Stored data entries
Lemma unreachable_small_cut U y x : ~~ connect (avoid t U) y x ->
  exists j, [/\ j <= n, low_out j <= size U, j <= outdeg x + arcs_into U x
              & outdeg y < j + arcs_from U y].
Proof.
move=> yx; set R := [set z | connect (avoid t U) y z].
have yR : y \in R by rewrite inE connect0.
have xR : x \notin R by rewrite inE.
have R_closed a b : a \in R -> avoid t U a b -> b \in R.
  by rewrite !inE => ya ab; apply: connect_trans ya (connect1 ab).
exists #|R|; split; first exact: max_card.
- apply: leq_trans (low_out_min R) (leq_trans _ (card_size U)).
  apply: subset_leq_card; apply/subsetP => -[a b]; rewrite [_ \in _]inE /= => /and3P[ab aR].
  by apply: contraNT => abU; apply: R_closed aR _; rewrite /avoid ab.
- apply: leq_trans (leq_add (leqnn _) (card_arcs_into U x)).
  apply: leq_trans (leq_card_setU _ _); apply: subset_leq_card; apply/subsetP => z zR.
  have zx : z != x by apply: contraTneq zR => ->.
  by rewrite !inE avoid_or_back //; apply: contraNN xR; apply: R_closed zR.
- have : outdeg y <= #|R :\ y| + arcs_from U y.
    apply: leq_trans (leq_add (leqnn _) (card_arcs_from U y)).
    apply: leq_trans (leq_card_setU _ _); apply: subset_leq_card; apply/subsetP => z.
    rewrite inE => yz; apply/setUP; case yzU: ((y, z) \in U); [by right; rewrite inE | left].
    rewrite in_setD1; apply/andP; split; first by apply: contraTneq yz => ->; rewrite t_irr.
    by apply: R_closed yR _; rewrite /avoid yz yzU.
  by rewrite (cardsD1 y R) yR; lia.
Qed.

(* Along a shortest path y = v_0, ..., v_d = x avoiding U, only v_1 is an
   out-neighbour of y and only v_(d-1) sends an arc to x.  Hence the
   out-neighbours of y and the v_i other than v_1, v_(d-1), x, at least
   outdeg y - arcs_from U y + d - 3 vertices in all, send no arc to x outside
   U: each is an out-neighbour of x or the tail of an arc of U into x. *)
Lemma short_avoiding_path U y x : connect (avoid t U) y x ->
  exists2 p, dipath (avoid t U) y x p &
    size p <= outdeg x + arcs_into U x + arcs_from U y - outdeg y + 3.
Proof.
set e := avoid t U => /shortest_path_exists[p sp p_uniq].
exists p; first by case: sp => p_path p_last _; do !split.
case: (leqP (size p) 3) => [short|long]; first by apply: leq_trans short (leq_addl _ _).
have not_yx : ~~ e y x.
  by apply: contraTN long => /(shortest_path_size_le1 sp) ?; lia.
set A := [set z | e y z].
set S := [set z | (z \in y :: p) && [&& ~~ e z x & ~~ e y z]].
have cardS : size p - 2 <= #|S|.
  have -> : #|S| = count [pred z | ~~ e z x && ~~ e y z] (y :: p).
    rewrite -size_filter -(card_uniqP (filter_uniq _ p_uniq)) -cardsE.
    by apply: eq_card => z; rewrite !inE mem_filter andbC.
  have := size_le_count_nor (e^~ x) (e y) (y :: p).
  have := shortest_path_count_to sp; have := shortest_path_count_from sp.
  have not_yy : e y y = false by rewrite /e /avoid t_irr.
  rewrite /= (negbTE not_yx) not_yy; lia.
have AS_into_x : (A :|: S) :\ x \subset [set z | t x z] :|: [set z | (z, x) \in U].
  apply/subsetP => z; rewrite !inE => /andP[zx zAS]; apply: avoid_or_back zx _.
  case/orP: zAS => [yz|/and3P[//]]; apply: contraTN long => zx'.
  by have := shortest_path_size_le2 sp yz zx'; lia.
have := leq_trans (subset_leq_card AS_into_x) (leq_card_setU _ _).
have: #|A :|: S| <= #|(A :|: S) :\ x| + 1.
  by rewrite (cardsD1 x (A :|: S)) addnC leq_add2l leq_b1.
have: #|A :|: S| = #|A| + #|S|.
  rewrite cardsU; suff -> : A :&: S = set0 by rewrite cards0 subn0.
  by apply/setP => z; rewrite !inE; case: (e y z); rewrite ?andbF.
have : outdeg y <= #|A| + arcs_from U y.
  apply: leq_trans (leq_add (leqnn _) (card_arcs_from U y)).
  apply: leq_trans (leq_card_setU _ _); apply: subset_leq_card; apply/subsetP => z.
  by rewrite !inE /e /avoid => ->; case: ((y, z) \in U).
have := card_arcs_into U x; rewrite -/(outdeg x); lia.
Qed.

Section Peak.
Variable J : nat.
Hypothesis J_lt : J < n.
Hypothesis J_max : forall j, j <= n -> low_out j <= low_out J.

Lemma deg_at_peak_le : deg_at J <= J.
Proof.
have := low_out_shift (i := J) (q := 1); rewrite addn1 big_ord1 /= addn0 => /(_ J_lt).
by have := J_max J_lt; lia.
Qed.

Lemma peak_le_deg_at : J <= (deg_at J).+1.
Proof.
case: J J_lt J_max => [//|i] i_lt i_max.
have := low_out_shift (i := i) (q := 1); rewrite addn1 big_ord1 /= addn0 => /(_ (ltnW i_lt)).
by have := i_max i (ltnW (ltnW i_lt)); have := deg_at_mono (leqnSn i) i_lt; lia.
Qed.

Lemma low_out_right_of_peak q : J + q <= n ->
  2 * low_out J <= 2 * low_out (J + q) + q * q.+1.
Proof.
move=> Jqn; have := low_out_shift Jqn; have := peak_le_deg_at.
have : q * deg_at J <= \sum_(u < q) deg_at (J + u).
  rewrite -[q in q * _]card_ord -sum_nat_const leq_sum // => u _.
  by apply: deg_at_mono (leq_addr _ _) (leq_trans _ Jqn); rewrite ltn_add2l.
nia.
Qed.

Lemma low_out_left_of_peak q : q <= J ->
  2 * low_out J <= 2 * low_out (J - q) + q * q.+1.
Proof.
move=> qJ; have Jq : J - q + q = J by rewrite subnK.
have := low_out_shift (i := J - q) (q := q); rewrite Jq => /(_ (ltnW J_lt)).
have : \sum_(u < q) deg_at (J - q + u) <= q * J.
  rewrite -[q in q * _]card_ord -sum_nat_const leq_sum // => u _.
  apply: leq_trans deg_at_peak_le; apply: deg_at_mono J_lt.
  by rewrite -{2}Jq leq_add2l ltnW.
nia.
Qed.

Lemma low_out_near_peak j : j <= n ->
  2 * low_out J <= 2 * low_out j + (j - J + (J - j)) * (j - J + (J - j)).+1.
Proof.
case: (leqP J j) => [Jj | /ltnW jJ] jn.
  by have := low_out_right_of_peak (q := j - J); rewrite subnKC // => /(_ jn); lia.
by have := low_out_left_of_peak (leq_subr j J); rewrite subKn // => ?; lia.
Qed.

Lemma deg_at_right_of_peak j : J <= j -> j < n -> deg_at j <= j + (j - J).
Proof.
move=> Jj jn; rewrite leqNgt; apply/negP => deg_j.
set u := deg_at j - j.
have ju : j + u = deg_at j by rewrite /u subnKC //; lia.
have jun : j + u <= n by rewrite ju ltnW // deg_at_lt.
have := low_out_shift jun; have := J_max jun.
have : u * deg_at j <= \sum_(v < u) deg_at (j + v).
  rewrite -[u in u * _]card_ord -sum_nat_const leq_sum // => v _.
  by apply: deg_at_mono (leq_addr _ _) (leq_trans _ jun); rewrite ltn_add2l.
have := low_out_right_of_peak (q := j - J); rewrite subnKC // => /(_ (ltnW jn)).
have : (j - J).+1 * (j - J).+2 <= u * u.+1 by apply: leq_mul; lia.
nia.
Qed.

(* Otherwise the set of vertices reachable from y has a size j within 3 D of
   J, and its at least [low_out j] leaving arcs all lie in U. *)
Lemma peak_connect D U y x : 64 * D ^ 2 < low_out J ->
  size U <= (4 * D + 4) * D -> arcs_into U x <= D -> arcs_from U y <= D ->
  J <= (outdeg y).+1 -> outdeg x <= J + 2 * D -> connect (avoid t U) y x.
Proof.
move=> large sizeU intoU fromU y_deg x_deg; apply/negPn/negP.
case/unreachable_small_cut => j [jn j_out j_into j_from].
have dist : j - J + (J - j) <= 3 * D by lia.
have := leq_mul dist (dist : _ < (3 * D).+1); have := low_out_near_peak jn.
have : D <= D * D by case: (posnP D) => [-> | /leq_pmulr //].
move: large; rewrite expnS expn1; nia.
Qed.

Lemma peak_room s : s * s.+1 < 2 * low_out J -> J + s <= n.
Proof.
move=> large; rewrite leqNgt; apply/negP => short.
have dist : n - J + (J - n) <= s by lia.
have := leq_mul dist (dist : _ < s.+1); have := low_out_near_peak (leqnn n).
by rewrite low_out_card; lia.
Qed.

Lemma window_embedding (V : finType) : J + #|V| <= n ->
  exists phi : V -> W, [/\ injective phi, forall u, J <= (outdeg (phi u)).+1
                         & forall u, outdeg (phi u) <= J + 2 * #|V|].
Proof.
move=> room; have [w0 _] : exists w : W, true.
  by apply/card_gt0P; apply: leq_ltn_trans J_lt.
pose phi (u : V) := odflt w0 [pick x | rank x == J + enum_rank u].
have rank_phi u : rank (phi u) = J + enum_rank u.
  have [x rank_x] : exists x, rank x = J + enum_rank u.
    by apply: rank_onto; apply: leq_trans room; rewrite ltn_add2l; apply: ltn_ord.
  by rewrite /phi; case: pickP => [y /eqP //|/(_ x)]; rewrite rank_x eqxx.
have rank_phi_lt (u : V) : J + enum_rank u < n by rewrite -rank_phi rank_lt.
exists phi; split=> [u v /(congr1 rank) | u | u]; rewrite ?rank_phi.
- by move/addnI/val_inj/enum_rank_inj.
- rewrite -deg_at_rank rank_phi; apply: leq_trans peak_le_deg_at _.
  by rewrite ltnS deg_at_mono ?leq_addr.
- rewrite -deg_at_rank rank_phi.
  apply: leq_trans (deg_at_right_of_peak (leq_addr _ _) (rank_phi_lt u)) _.
  by have : enum_rank u < #|V| := ltn_ord _; lia.
Qed.

Lemma disjoint_immersions_of_peak (V : finType) (E : rel V) k : 0 < k ->
  64 * (dnorm E * k) ^ 2 < low_out J -> has_disjoint_immersions E t k.
Proof.
move=> k_gt0 large; set D := dnorm E * k; set c := size (arc_copies E k).
have card_le : #|V| <= D by rewrite /D /dnorm; nia.
have c_le : c <= D by rewrite /c size_allpairs size_enum_ord -cardE /D /dnorm; nia.
have room : J + #|V| <= n.
  apply: peak_room; apply: leq_ltn_trans (leq_mul card_le (card_le : _ < D.+1)) _.
  by move: large; rewrite expnS expn1; nia.
have [phi [phi_inj phi_lo phi_hi]] := window_embedding room.
have route_step U (a : 'I_k * (V * V)) : a.2 \in arcset E -> size U <= (4 * D + 4) * c ->
    (forall z, arcs_into U z <= c) -> (forall z, arcs_from U z <= c) ->
    exists2 p, dipath (avoid t U) (phi a.2.1) (phi a.2.2) p & size p <= 4 * D + 4.
  move=> _ sizeU intoU fromU; have := phi_lo a.2.1; have := phi_hi a.2.2.
  have := intoU (phi a.2.2); have := fromU (phi a.2.1).
  have : connect (avoid t U) (phi a.2.1) (phi a.2.2).
    apply: (peak_connect large) (phi_lo _) _.
    - by apply: leq_trans sizeU _; rewrite leq_mul2l c_le orbT.
    - exact: leq_trans (intoU _) c_le.
    - exact: leq_trans (fromU _) c_le.
    - by apply: leq_trans (phi_hi _) _; rewrite leq_add2l leq_mul2l card_le.
  by case/short_avoiding_path => p p_path p_size; exists p => //; lia.
have [||Pth [Pth_path _ Pth_uniq]] :=
  greedy_routing route_step (l := arc_copies E k) _ _ (leqnn _).
- by apply: allpairs_uniq => [||[? ?] [? ?] _ _ [-> ->]]; rewrite ?enum_uniq.
- by apply/allP => _ /allpairsP[[i a] [_ aE ->]]; rewrite -mem_enum.
exact: disjoint_immersions_of_paths phi_inj Pth_path Pth_uniq.
Qed.

End Peak.

Lemma rev_rank_lt x : n - (rank x).+1 < n.
Proof. by have := rank_lt x; lia. Qed.

(* The vertex of rank r is put at 1-based position n - r, so the alpha-cut
   consists of the arcs leaving the n - alpha vertices of smallest degree. *)
Definition deg_order : {ffun W -> 'I_n} := [ffun x => Ordinal (rev_rank_lt x)].

Lemma deg_order_inj : injectiveb deg_order.
Proof.
apply/injectiveP => x y; rewrite !ffunE => /(congr1 val) /= e; apply: rank_inj.
by move: (rank_lt x) (rank_lt y) e; set m := #|W|; lia.
Qed.

Lemma cut_deg_order a : a <= n -> cut t deg_order a = low_out (n - a).
Proof.
move=> an; apply: eq_card => -[u v]; rewrite !inE /= !ffunE /=.
have := rank_lt u; have := rank_lt v; set m := #|W| => rank_v rank_u.
have -> : (a < (m - (rank u).+1).+1) = (rank u < m - a) by apply/idP/idP; lia.
by have -> : ((m - (rank v).+1).+1 <= a) = ~~ (rank v < m - a) by apply/idP/idP; lia.
Qed.

Lemma ctw_le_peak J : (forall j, j <= n -> low_out j <= low_out J) -> ctw t <= low_out J.
Proof.
move=> J_max; apply: (@leq_trans (width t deg_order)).
  by apply: bigminn_le; [exact: mem_index_enum | exact: deg_order_inj].
apply/bigmax_leqP => a _; rewrite cut_deg_order ?J_max ?leq_subr //.
by rewrite -ltnS.
Qed.

End Tournament.

Theorem corollary8 :
  exists d : nat,
    forall (V : finType) (E : rel V), simple_digraph E ->
    forall k : nat, 0 < k ->
    forall (W : finType) (t : rel W), is_tournament t ->
      ~ has_disjoint_immersions E t k ->
      ctw t <= d * (dnorm E) ^ 2 * k ^ 2.
Proof.
exists 64 => V E _ k k_gt0 W t [t_irr t_tot] no_immersions.
case: (@arg_maxnP 'I_#|W|.+1 ord0 xpredT (low_out t) isT) => J _ J_max.
have {}J_max j : j <= #|W| -> low_out t j <= low_out t J.
  by move=> jn; apply: (J_max (Ordinal (jn : j < #|W|.+1))).
apply: leq_trans (ctw_le_peak J_max) _.
rewrite leqNgt; apply/negP => large; apply: no_immersions.
have J_lt : J < #|W|.
  rewrite ltn_neqAle -ltnS ltn_ord andbT; apply: contraTneq large => ->.
  by rewrite low_out_card // -leqNgt.
by apply: (disjoint_immersions_of_peak t_irr t_tot J_lt J_max k_gt0); rewrite expnMn mulnA.
Qed.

= Goal of the exercise =
Retype exactly the lines of the data above that fall between the line with "move=> large sizeU" and the line with "exists phi : V", inclusive, and add nothing.

= Response below =
move=> large sizeU intoU fromU y_deg x_deg; apply/negPn/negP.
case/unreachable_small_cut => j [jn j_out j_into j_from].
have dist : j - J + (J - j) <= 3 * D by lia.
have := leq_mul dist (dist : _ < (3 * D).+1); have := low_out_near_peak jn.
have : D <= D * D by case: (posnP D) => [-> | /leq_pmulr //].
move: large; rewrite expnS expn1; nia.
Qed.

Lemma peak_room s : s * s.+1 < 2 * low_out J -> J + s <= n.
Proof.
move=> large; rewrite leqNgt; apply/negP => short.
have dist : n - J + (J - n) <= s by lia.
have := leq_mul dist (dist : _ < s.+1); have := low_out_near_peak (leqnn n).
by rewrite low_out_card; lia.
Qed.

Lemma window_embedding (V : finType) : J + #|V| <= n ->
  exists phi : V -> W, [/\ injective phi, forall u, J <= (outdeg (phi u)).+1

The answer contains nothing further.